[[ Input data, beginning ]]

(* R minus a point does not split into three disjoint nonempty open pieces:
   two of three witnesses lie on the same side of the point. *)
Lemma punctured_line_no_three_pieces (x : R) (A B C : R -> Prop) :
  R_open A -> R_open B -> R_open C ->
  (forall y, y <> x -> A y \/ B y \/ C y) ->
  (forall y, y <> x -> A y -> B y -> False) -> (forall y, y <> x -> A y -> C y -> False) ->
  (forall y, y <> x -> B y -> C y -> False) ->
  (exists y, y <> x /\ A y) -> (exists y, y <> x /\ B y) -> (exists y, y <> x /\ C y) -> False.
Proof.
  intros HA HB HC Cov DAB DAC DBC [a [Ha Aa]] [b [Hb Bb]] [c [Hc Cc]].
  assert (BC : R_open (fun y => B y \/ C y)) by (apply (open_or R_top); auto).
  assert (AC : R_open (fun y => A y \/ C y)) by (apply (open_or R_top); auto).
  (* Splittings A | B u C and B | A u C of R \ {x}. *)
  assert (CovA : forall y, y <> x -> A y \/ (B y \/ C y)) by exact Cov.
  assert (CovB : forall y, y <> x -> B y \/ (A y \/ C y)) by (intros y Hy; specialize (Cov y Hy); tauto).
  assert (DisA : forall y, y <> x -> A y -> B y \/ C y -> False)
    by (intros y Hy Ay [By|Cy]; eauto).
  assert (DisB : forall y, y <> x -> B y -> A y \/ C y -> False)
    by (intros y Hy By [Ay|Cy]; eauto).
  pose proof (same_side_same_piece x A _ HA BC CovA DisA a b) as SAB.
  pose proof (same_side_same_piece x A _ HA BC CovA DisA a c) as SAC.
  pose proof (same_side_same_piece x B _ HB AC CovB DisB b c) as SBC.
  destruct (Rtotal_order a x) as [La|[La|La]]; [|contradiction|];
  destruct (Rtotal_order b x) as [Lb|[Lb|Lb]]; try contradiction;
  destruct (Rtotal_order c x) as [Lc|[Lc|Lc]]; try contradiction; unfold Rgt in *; tauto.
Qed.

Lemma right_limit0_bounds e f L a b : e > 0 -> right_limit0 e f L ->
  (forall t, 0 < t < e -> a <= f t <= b) -> a <= L <= b.
Proof.
  intros He Lim Bd. split; apply Rnot_lt_le; intro K.
  - destruct (Lim (a - L)) as [d [Hd [Hde B]]]; [lra|].
    specialize (B (d/2) ltac:(lra)). specialize (Bd (d/2) ltac:(lra)). apply abs_lt_inv in B. lra.
  - destruct (Lim (L - b)) as [d [Hd [Hde B]]]; [lra|].
    specialize (B (d/2) ltac:(lra)). specialize (Bd (d/2) ltac:(lra)). apply abs_lt_inv in B. lra.
Qed.

Lemma right_limit0_distances e f L t0 : cont_on (fun t => 0 < t < e) f -> right_limit0 e f L ->
  0 < t0 < e -> forall r, 0 < r < Rabs (f t0 - L) -> exists tau, 0 < tau <= t0 /\ Rabs (f tau - L) = r.
Proof.
  intros C Lim Ht0 r [R1 R2].
  destruct (Lim r R1) as [d [Hd [Hde B]]].
  set (t1 := Rmin d t0 / 2).
  assert (T1 : 0 < t1 < d /\ t1 < t0) by (unfold t1, Rmin; destruct (Rle_dec _ _); repeat split; lra).
  destruct (ivt t1 t0 (fun tau => Rabs (f tau - L)) r) as [tau [Htau E]].
  - lra.
  - intros x Hx e' He'. destruct (C x ltac:(lra) e' He') as [dd [Hdd Bdd]].
    exists dd. split; auto. intros y Hy Hyx.
    pose proof (Rabs_triang_inv2 (f y - L) (f x - L)) as T.
    replace (f y - L - (f x - L)) with (f y - f x) in T by ring.
    specialize (Bdd y ltac:(lra) Hyx). lra.
  - left. split; [specialize (B t1 ltac:(lra)); lra| lra].
  - exists tau. split; [lra| exact E].
Qed.

(** * Real charts of punctured spaces *)

(* A homeomorphism from Z \ {z} onto an open set S of reals, presented by
   total maps (values at z and outside S are irrelevant). *)
Record chart (Z : TopSpace) (z : Z) (S : R -> Prop) := {
  chart_to : Z -> R;
  chart_from : R -> Z;
  chart_in : forall y, y <> z -> S (chart_to y);
  chart_avoid : forall t, S t -> chart_from t <> z;
  chart_from_to : forall y, y <> z -> chart_from (chart_to y) = y;
  chart_to_from : forall t, S t -> chart_to (chart_from t) = t;
  chart_open_to : forall O, R_open O -> is_open Z (fun y => y <> z /\ O (chart_to y));
  chart_open_from : forall U, is_open Z U -> R_open (fun t => S t /\ U (chart_from t)) }.

Arguments chart_to {Z z S}.
Arguments chart_from {Z z S}.
Arguments chart_in {Z z S}.
Arguments chart_avoid {Z z S}.
Arguments chart_from_to {Z z S}.
Arguments chart_to_from {Z z S}.
Arguments chart_open_to {Z z S}.
Arguments chart_open_from {Z z S}.

Lemma chart_of_card (Z : TopSpace) (z : Z) (S : R -> Prop) : t1 Z -> R_open S ->
  homeomorphic (card Z z) (subspace R_top S) -> inhabited (chart Z z S).
Proof.
  intros T1 HS [h [hi [H1 [H2 [H3 H4]]]]].
  pose (to := fun y : Z => match excluded_middle_informative (y <> z) with
              | left H => proj1_sig (h (exist _ y H)) | right _ => 0 end).
  pose (from := fun t : R => match excluded_middle_informative (S t) with
              | left H => proj1_sig (hi (exist _ t H)) | right _ => z end).
  assert (to_spec : forall y (H : y <> z), to y = proj1_sig (h (exist _ y H))).
  { intros y H. unfold to. destruct (excluded_middle_informative (y <> z)) as [H'|H']; [|contradiction].
    replace H' with H by apply proof_irrelevance. reflexivity. }
  assert (from_spec : forall t (H : S t), from t = proj1_sig (hi (exist _ t H))).
  { intros t H. unfold from. destruct (excluded_middle_informative (S t)) as [H'|H']; [|contradiction].
    replace H' with H by apply proof_irrelevance. reflexivity. }
  assert (to_in : forall y, y <> z -> S (to y)).
  { intros y H. rewrite (to_spec y H). exact (proj2_sig (h (exist _ y H))). }
  assert (from_avoid : forall t, S t -> from t <> z).
  { intros t H. rewrite (from_spec t H). exact (proj2_sig (hi (exist _ t H))). }
  constructor. apply (Build_chart Z z S to from to_in from_avoid).
  - intros y H. rewrite (from_spec _ (to_in y H)).
    erewrite (proj_inj _ (h (exist _ y H))) by (simpl; apply to_spec).
    rewrite H1. reflexivity.
  - intros t H. rewrite (to_spec _ (from_avoid t H)).
    erewrite (proj_inj _ (hi (exist _ t H))) by (simpl; apply from_spec).
    rewrite H2. reflexivity.
  - intros O HO. eapply open_ext; [apply (open_from_sub Z _ _ h (fun t => O (proj1_sig t)) (T1 z) H3)|].
    + exists O. split; auto. tauto.
    + intro y. split.
      * intros [H E]. split; auto. rewrite (to_spec y H). exact E.
      * intros [H E]. exists H. rewrite <- (to_spec y H). exact E.
  - intros U HU. destruct (open_to_sub Z _ _ hi U H4 HU) as [O [HO EO]].
    apply (open_ext R_top (fun t => S t /\ O t)); [apply (open_inter R_top); auto|].
    intro t. split; intros [H E]; split; auto; rewrite (from_spec t H) in *; apply (EO (exist _ t H)); exact E.
Qed.

Lemma chart_to_inj (Z : TopSpace) (z : Z) S (K : chart Z z S) y1 y2 :
  y1 <> z -> y2 <> z -> chart_to K y1 = chart_to K y2 -> y1 = y2.
Proof. intros A B E. rewrite <- (chart_from_to K y1 A), <- (chart_from_to K y2 B), E. reflexivity. Qed.

Lemma R_open_ne x : R_open (fun t => t <> x).
Proof.
  apply (open_ext R_top (punctured None x None)); [apply punctured_open|].
  intro t. rewrite punctured_spec by (split; exact I). unfold iv; simpl. tauto.
Qed.

Lemma chart_no_three_pieces (Z : TopSpace) (v : Z) (x : R) (K : chart Z v (fun t => t <> x)) :
  forall A B C : Z -> Prop, is_open Z A -> is_open Z B -> is_open Z C ->
  (forall y, y <> v -> A y \/ B y \/ C y) ->
  (forall y, A y -> B y -> False) -> (forall y, A y -> C y -> False) -> (forall y, B y -> C y -> False) ->
  (exists y, y <> v /\ A y) -> (exists y, y <> v /\ B y) -> (exists y, y <> v /\ C y) -> False.
Proof.
  intros A B C HA HB HC Cov DAB DAC DBC EA EB EC.
  set (pull := fun P : Z -> Prop => fun t => t <> x /\ P (chart_from K t)).
  assert (Wit : forall P : Z -> Prop, (exists y, y <> v /\ P y) -> exists t, t <> x /\ pull P t).
  { intros P [y [Hy Py]]. exists (chart_to K y).
    assert (Ht : chart_to K y <> x) by exact (chart_in K y Hy).
    split; auto. split; auto. rewrite (chart_from_to K y Hy). exact Py. }
  apply (punctured_line_no_three_pieces x (pull A) (pull B) (pull C));
    try apply (chart_open_from K); auto; try (apply Wit; auto).
  - intros t Ht. destruct (Cov _ (chart_avoid K t Ht)) as [?|[?|?]]; unfold pull; tauto.
  - intros t _ [_ P] [_ Q]. eauto.
  - intros t _ [_ P] [_ Q]. eauto.
  - intros t _ [_ P] [_ Q]. eauto.
Qed.

Definition W (t : R) : Prop := (-1 < t /\ t < 0) \/ (0 < t /\ t < 1).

[[ Input data, end ]]

Aim of the exercise.
Return exactly the lines above from the line that has "assert (from_avoid : forall" through the line that has "<- (to_spec y H). exact E.", inclusive, and nothing else.

Answer below.
  assert (from_avoid : forall t, S t -> from t <> z).
  { intros t H. rewrite (from_spec t H). exact (proj2_sig (hi (exist _ t H))). }
  constructor. apply (Build_chart Z z S to from to_in from_avoid).
  - intros y H. rewrite (from_spec _ (to_in y H)).
    erewrite (proj_inj _ (h (exist _ y H))) by (simpl; apply to_spec).
    rewrite H1. reflexivity.
  - intros t H. rewrite (to_spec _ (from_avoid t H)).
    erewrite (proj_inj _ (hi (exist _ t H))) by (simpl; apply from_spec).
    rewrite H2. reflexivity.
  - intros O HO. eapply open_ext; [apply (open_from_sub Z _ _ h (fun t => O (proj1_sig t)) (T1 z) H3)|].
    + exists O. split; auto. tauto.
    + intro y. split.
      * intros [H E]. split; auto. rewrite (to_spec y H). exact E.
      * intros [H E]. exists H. rewrite <- (to_spec y H). exact E.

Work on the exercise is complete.